Records for processing section start
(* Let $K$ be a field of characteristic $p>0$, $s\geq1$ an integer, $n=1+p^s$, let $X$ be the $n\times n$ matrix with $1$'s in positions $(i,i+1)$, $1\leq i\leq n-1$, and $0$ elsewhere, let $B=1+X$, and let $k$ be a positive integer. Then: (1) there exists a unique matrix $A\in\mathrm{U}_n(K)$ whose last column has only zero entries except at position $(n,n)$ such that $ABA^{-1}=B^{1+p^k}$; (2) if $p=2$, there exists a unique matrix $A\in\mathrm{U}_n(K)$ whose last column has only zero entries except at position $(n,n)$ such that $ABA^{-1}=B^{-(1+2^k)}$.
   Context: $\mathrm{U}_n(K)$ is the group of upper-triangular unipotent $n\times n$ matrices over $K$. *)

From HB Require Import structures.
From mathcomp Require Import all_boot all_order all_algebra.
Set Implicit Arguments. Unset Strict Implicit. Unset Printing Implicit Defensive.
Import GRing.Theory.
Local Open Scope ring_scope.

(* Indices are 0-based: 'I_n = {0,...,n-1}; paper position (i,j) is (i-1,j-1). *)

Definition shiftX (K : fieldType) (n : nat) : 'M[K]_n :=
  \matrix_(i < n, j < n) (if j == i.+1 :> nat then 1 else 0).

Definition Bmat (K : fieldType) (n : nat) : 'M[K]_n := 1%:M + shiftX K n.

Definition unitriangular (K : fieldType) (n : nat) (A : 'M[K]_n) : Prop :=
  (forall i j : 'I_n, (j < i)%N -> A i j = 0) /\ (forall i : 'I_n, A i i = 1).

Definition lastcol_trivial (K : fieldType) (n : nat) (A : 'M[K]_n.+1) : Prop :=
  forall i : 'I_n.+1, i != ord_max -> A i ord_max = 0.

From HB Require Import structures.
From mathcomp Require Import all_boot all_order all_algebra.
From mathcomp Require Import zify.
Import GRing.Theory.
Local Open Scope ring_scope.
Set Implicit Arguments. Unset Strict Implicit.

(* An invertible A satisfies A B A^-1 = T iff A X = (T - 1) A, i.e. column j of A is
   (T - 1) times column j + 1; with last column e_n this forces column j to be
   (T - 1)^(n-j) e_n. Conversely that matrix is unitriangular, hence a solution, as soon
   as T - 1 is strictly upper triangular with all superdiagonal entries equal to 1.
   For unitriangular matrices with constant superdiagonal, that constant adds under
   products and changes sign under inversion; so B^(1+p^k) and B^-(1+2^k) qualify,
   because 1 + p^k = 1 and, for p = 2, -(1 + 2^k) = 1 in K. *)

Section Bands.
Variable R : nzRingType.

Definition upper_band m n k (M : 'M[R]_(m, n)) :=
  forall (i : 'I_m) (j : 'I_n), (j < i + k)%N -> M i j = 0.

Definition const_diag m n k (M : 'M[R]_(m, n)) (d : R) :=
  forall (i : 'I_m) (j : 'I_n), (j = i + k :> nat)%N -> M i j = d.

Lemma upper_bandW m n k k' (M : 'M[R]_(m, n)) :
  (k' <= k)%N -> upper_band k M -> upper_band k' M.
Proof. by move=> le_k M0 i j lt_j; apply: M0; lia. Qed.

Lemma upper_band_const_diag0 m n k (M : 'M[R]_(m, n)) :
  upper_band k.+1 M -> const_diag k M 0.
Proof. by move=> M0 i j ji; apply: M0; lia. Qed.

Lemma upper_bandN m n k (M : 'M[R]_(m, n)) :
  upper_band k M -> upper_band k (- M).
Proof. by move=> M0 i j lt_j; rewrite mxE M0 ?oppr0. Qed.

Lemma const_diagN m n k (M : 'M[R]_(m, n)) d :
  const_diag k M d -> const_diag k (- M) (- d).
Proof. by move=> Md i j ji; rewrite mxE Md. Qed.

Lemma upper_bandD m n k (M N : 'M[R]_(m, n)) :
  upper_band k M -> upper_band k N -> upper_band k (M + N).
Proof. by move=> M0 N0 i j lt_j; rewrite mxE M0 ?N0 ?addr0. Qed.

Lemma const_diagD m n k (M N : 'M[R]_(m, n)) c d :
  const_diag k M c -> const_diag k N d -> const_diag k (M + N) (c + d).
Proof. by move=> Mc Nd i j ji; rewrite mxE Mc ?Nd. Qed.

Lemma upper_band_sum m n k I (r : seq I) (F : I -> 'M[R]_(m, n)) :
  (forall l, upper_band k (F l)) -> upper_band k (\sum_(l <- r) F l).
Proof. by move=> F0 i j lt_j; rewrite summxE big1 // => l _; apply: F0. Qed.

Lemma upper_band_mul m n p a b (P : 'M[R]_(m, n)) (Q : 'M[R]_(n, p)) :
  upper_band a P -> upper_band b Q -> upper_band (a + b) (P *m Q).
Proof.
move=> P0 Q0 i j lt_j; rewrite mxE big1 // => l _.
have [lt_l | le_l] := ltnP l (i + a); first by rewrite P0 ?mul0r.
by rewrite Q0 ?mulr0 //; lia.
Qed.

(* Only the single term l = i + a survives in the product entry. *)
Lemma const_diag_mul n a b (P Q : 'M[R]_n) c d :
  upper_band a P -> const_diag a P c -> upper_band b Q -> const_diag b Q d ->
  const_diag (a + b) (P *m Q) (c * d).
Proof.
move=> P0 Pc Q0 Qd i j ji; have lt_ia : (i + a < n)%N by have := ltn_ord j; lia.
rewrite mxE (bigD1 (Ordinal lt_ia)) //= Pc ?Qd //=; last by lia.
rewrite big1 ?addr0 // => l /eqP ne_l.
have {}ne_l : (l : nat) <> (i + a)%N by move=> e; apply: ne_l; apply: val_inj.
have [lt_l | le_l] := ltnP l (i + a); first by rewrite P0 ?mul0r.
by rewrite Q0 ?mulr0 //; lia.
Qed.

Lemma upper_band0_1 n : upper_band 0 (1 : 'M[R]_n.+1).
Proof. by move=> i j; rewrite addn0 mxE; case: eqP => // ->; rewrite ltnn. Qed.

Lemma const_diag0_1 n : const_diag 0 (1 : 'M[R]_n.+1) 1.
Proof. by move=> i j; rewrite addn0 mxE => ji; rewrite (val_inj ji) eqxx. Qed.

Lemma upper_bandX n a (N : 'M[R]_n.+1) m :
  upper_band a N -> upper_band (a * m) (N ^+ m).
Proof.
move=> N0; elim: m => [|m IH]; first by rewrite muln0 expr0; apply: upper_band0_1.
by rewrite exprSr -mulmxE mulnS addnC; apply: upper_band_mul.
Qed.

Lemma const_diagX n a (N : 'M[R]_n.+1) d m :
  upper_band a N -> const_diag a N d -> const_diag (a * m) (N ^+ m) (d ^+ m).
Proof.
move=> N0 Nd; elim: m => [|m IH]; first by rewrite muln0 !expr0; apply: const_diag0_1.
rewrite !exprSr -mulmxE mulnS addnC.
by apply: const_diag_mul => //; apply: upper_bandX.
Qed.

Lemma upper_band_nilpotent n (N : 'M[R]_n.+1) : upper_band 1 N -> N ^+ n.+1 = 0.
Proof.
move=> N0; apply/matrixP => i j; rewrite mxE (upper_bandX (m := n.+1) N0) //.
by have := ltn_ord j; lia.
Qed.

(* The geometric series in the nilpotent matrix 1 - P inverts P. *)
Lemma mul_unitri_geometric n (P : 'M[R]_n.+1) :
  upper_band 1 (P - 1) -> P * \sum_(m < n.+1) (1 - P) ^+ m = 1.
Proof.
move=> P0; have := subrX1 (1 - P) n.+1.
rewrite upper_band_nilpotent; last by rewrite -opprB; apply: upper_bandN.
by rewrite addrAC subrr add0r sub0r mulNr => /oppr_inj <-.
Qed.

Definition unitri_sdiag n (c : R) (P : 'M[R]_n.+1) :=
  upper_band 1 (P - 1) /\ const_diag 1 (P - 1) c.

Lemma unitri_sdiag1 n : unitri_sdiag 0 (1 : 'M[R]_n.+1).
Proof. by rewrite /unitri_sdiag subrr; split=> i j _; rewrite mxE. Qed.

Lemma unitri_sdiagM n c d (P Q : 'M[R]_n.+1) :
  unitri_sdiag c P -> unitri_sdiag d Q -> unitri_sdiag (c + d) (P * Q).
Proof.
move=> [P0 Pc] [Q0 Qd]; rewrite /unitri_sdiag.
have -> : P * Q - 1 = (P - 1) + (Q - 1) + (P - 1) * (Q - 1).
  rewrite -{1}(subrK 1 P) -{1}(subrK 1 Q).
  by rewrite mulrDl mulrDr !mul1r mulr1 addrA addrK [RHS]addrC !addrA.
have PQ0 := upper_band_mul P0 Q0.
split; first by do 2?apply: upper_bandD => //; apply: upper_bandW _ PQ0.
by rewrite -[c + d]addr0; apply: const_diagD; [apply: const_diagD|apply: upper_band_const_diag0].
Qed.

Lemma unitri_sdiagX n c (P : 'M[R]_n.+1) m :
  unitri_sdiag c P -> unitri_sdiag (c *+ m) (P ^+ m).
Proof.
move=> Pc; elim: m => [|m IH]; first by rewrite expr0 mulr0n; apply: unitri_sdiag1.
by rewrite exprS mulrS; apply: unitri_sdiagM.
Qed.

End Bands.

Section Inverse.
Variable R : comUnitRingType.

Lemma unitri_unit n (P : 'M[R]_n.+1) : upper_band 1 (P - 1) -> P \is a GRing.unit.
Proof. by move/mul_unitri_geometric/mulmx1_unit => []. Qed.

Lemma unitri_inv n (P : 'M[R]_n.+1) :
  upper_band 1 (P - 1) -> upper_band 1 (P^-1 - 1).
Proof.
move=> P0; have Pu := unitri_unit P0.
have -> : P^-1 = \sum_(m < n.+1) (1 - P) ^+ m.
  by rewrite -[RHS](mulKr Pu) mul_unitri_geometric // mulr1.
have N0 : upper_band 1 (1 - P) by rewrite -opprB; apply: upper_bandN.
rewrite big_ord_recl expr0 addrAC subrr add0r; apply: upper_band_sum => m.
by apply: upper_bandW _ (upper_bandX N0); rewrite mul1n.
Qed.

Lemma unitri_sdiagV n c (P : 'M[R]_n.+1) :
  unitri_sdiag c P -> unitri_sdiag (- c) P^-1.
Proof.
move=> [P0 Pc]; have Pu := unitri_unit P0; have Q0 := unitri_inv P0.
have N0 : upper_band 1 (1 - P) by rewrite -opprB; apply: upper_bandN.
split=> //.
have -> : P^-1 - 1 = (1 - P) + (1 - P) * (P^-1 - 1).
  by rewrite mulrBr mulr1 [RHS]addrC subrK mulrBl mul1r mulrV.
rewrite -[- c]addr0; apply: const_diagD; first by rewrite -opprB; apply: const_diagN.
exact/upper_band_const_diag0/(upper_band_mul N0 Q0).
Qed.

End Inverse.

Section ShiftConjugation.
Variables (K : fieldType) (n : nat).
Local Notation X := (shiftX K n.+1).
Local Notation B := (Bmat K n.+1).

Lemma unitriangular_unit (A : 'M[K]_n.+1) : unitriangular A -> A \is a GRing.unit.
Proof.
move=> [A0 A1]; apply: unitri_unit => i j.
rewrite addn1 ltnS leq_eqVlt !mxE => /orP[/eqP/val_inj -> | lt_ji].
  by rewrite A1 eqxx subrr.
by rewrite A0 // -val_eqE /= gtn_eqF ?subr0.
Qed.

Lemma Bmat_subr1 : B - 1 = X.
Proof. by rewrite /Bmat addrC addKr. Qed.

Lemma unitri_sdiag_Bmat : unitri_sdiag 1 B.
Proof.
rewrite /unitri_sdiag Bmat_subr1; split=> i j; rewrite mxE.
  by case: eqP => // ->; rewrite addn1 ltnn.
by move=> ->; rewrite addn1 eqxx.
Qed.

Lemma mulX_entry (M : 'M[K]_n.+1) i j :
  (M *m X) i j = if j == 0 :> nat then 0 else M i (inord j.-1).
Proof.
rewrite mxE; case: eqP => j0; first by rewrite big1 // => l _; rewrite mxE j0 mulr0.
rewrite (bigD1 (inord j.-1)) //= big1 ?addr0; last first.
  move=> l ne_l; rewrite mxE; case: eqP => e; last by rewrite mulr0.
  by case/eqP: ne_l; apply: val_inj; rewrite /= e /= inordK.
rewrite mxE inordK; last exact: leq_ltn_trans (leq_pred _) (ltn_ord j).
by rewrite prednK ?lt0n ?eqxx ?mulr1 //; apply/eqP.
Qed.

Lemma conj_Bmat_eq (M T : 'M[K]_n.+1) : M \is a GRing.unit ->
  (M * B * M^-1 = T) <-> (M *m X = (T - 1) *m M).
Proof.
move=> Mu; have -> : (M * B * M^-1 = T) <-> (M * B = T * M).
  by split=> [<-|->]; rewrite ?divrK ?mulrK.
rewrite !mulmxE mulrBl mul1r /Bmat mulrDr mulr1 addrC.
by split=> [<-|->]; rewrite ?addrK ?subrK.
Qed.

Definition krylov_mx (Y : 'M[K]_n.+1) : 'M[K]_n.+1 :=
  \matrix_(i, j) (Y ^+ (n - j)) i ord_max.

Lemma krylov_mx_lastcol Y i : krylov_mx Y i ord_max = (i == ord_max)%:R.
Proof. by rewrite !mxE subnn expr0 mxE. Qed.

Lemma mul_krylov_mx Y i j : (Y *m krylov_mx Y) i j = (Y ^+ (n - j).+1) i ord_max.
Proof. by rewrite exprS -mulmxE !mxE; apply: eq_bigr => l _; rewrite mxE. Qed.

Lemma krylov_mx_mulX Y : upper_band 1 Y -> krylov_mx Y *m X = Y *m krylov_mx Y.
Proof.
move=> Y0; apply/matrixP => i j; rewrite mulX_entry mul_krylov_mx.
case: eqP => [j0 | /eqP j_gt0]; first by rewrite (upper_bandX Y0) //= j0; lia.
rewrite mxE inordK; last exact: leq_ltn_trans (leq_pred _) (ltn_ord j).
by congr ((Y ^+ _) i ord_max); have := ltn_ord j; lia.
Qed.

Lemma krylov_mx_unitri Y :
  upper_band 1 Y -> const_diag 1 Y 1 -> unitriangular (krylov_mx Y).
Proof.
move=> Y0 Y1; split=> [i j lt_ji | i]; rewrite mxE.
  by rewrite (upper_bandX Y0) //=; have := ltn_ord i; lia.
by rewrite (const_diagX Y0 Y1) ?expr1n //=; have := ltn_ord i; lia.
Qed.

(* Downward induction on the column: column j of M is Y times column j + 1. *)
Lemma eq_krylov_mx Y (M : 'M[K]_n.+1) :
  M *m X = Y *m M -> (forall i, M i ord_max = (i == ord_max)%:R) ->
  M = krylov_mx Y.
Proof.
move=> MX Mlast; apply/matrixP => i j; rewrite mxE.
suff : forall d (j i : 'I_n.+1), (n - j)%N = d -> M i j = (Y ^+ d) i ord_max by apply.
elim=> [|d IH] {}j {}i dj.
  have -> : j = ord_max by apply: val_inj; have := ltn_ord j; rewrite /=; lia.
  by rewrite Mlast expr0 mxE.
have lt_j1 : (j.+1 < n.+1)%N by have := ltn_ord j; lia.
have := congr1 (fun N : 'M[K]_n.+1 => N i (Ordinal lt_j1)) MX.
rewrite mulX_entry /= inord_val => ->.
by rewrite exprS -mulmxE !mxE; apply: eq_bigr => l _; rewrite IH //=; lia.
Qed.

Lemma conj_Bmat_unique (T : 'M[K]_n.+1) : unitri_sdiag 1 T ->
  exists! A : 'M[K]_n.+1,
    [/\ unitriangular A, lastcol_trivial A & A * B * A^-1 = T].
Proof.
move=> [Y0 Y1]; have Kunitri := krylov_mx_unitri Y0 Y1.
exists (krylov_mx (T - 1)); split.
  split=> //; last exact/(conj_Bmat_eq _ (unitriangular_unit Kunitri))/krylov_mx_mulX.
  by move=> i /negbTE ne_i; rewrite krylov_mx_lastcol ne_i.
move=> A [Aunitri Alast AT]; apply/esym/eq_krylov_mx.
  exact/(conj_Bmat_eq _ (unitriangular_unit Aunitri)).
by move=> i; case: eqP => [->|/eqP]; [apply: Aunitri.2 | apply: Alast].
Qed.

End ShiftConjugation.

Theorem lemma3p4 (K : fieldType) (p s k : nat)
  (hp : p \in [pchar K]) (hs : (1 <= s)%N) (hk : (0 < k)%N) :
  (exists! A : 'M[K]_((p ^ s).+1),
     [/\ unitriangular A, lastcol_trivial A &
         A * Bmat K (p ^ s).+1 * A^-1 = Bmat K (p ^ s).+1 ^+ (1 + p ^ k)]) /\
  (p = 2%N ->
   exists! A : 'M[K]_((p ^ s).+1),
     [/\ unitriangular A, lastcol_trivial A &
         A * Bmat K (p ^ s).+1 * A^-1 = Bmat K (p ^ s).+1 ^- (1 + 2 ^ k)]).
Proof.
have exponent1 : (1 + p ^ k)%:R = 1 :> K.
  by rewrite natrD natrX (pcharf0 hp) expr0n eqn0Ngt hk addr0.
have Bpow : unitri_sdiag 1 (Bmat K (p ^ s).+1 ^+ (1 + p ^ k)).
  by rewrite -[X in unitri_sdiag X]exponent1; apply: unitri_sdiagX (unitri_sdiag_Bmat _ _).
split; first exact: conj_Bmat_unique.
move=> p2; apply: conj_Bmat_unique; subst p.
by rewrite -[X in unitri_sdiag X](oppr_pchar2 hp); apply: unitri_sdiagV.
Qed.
Records for processing section end
== What to work on ==
Among the lines of the data, find every one that holds "mulmxE" and copy it.

== Exercise response ==
by rewrite exprSr -mulmxE mulnS addnC; apply: upper_band_mul.
rewrite !exprSr -mulmxE mulnS addnC.
rewrite !mulmxE mulrBl mul1r /Bmat mulrDr mulr1 addrC.
Proof. by rewrite exprS -mulmxE !mxE; apply: eq_bigr => l _; rewrite mxE. Qed.
by rewrite exprS -mulmxE !mxE; apply: eq_bigr => l _; rewrite IH //=; lia.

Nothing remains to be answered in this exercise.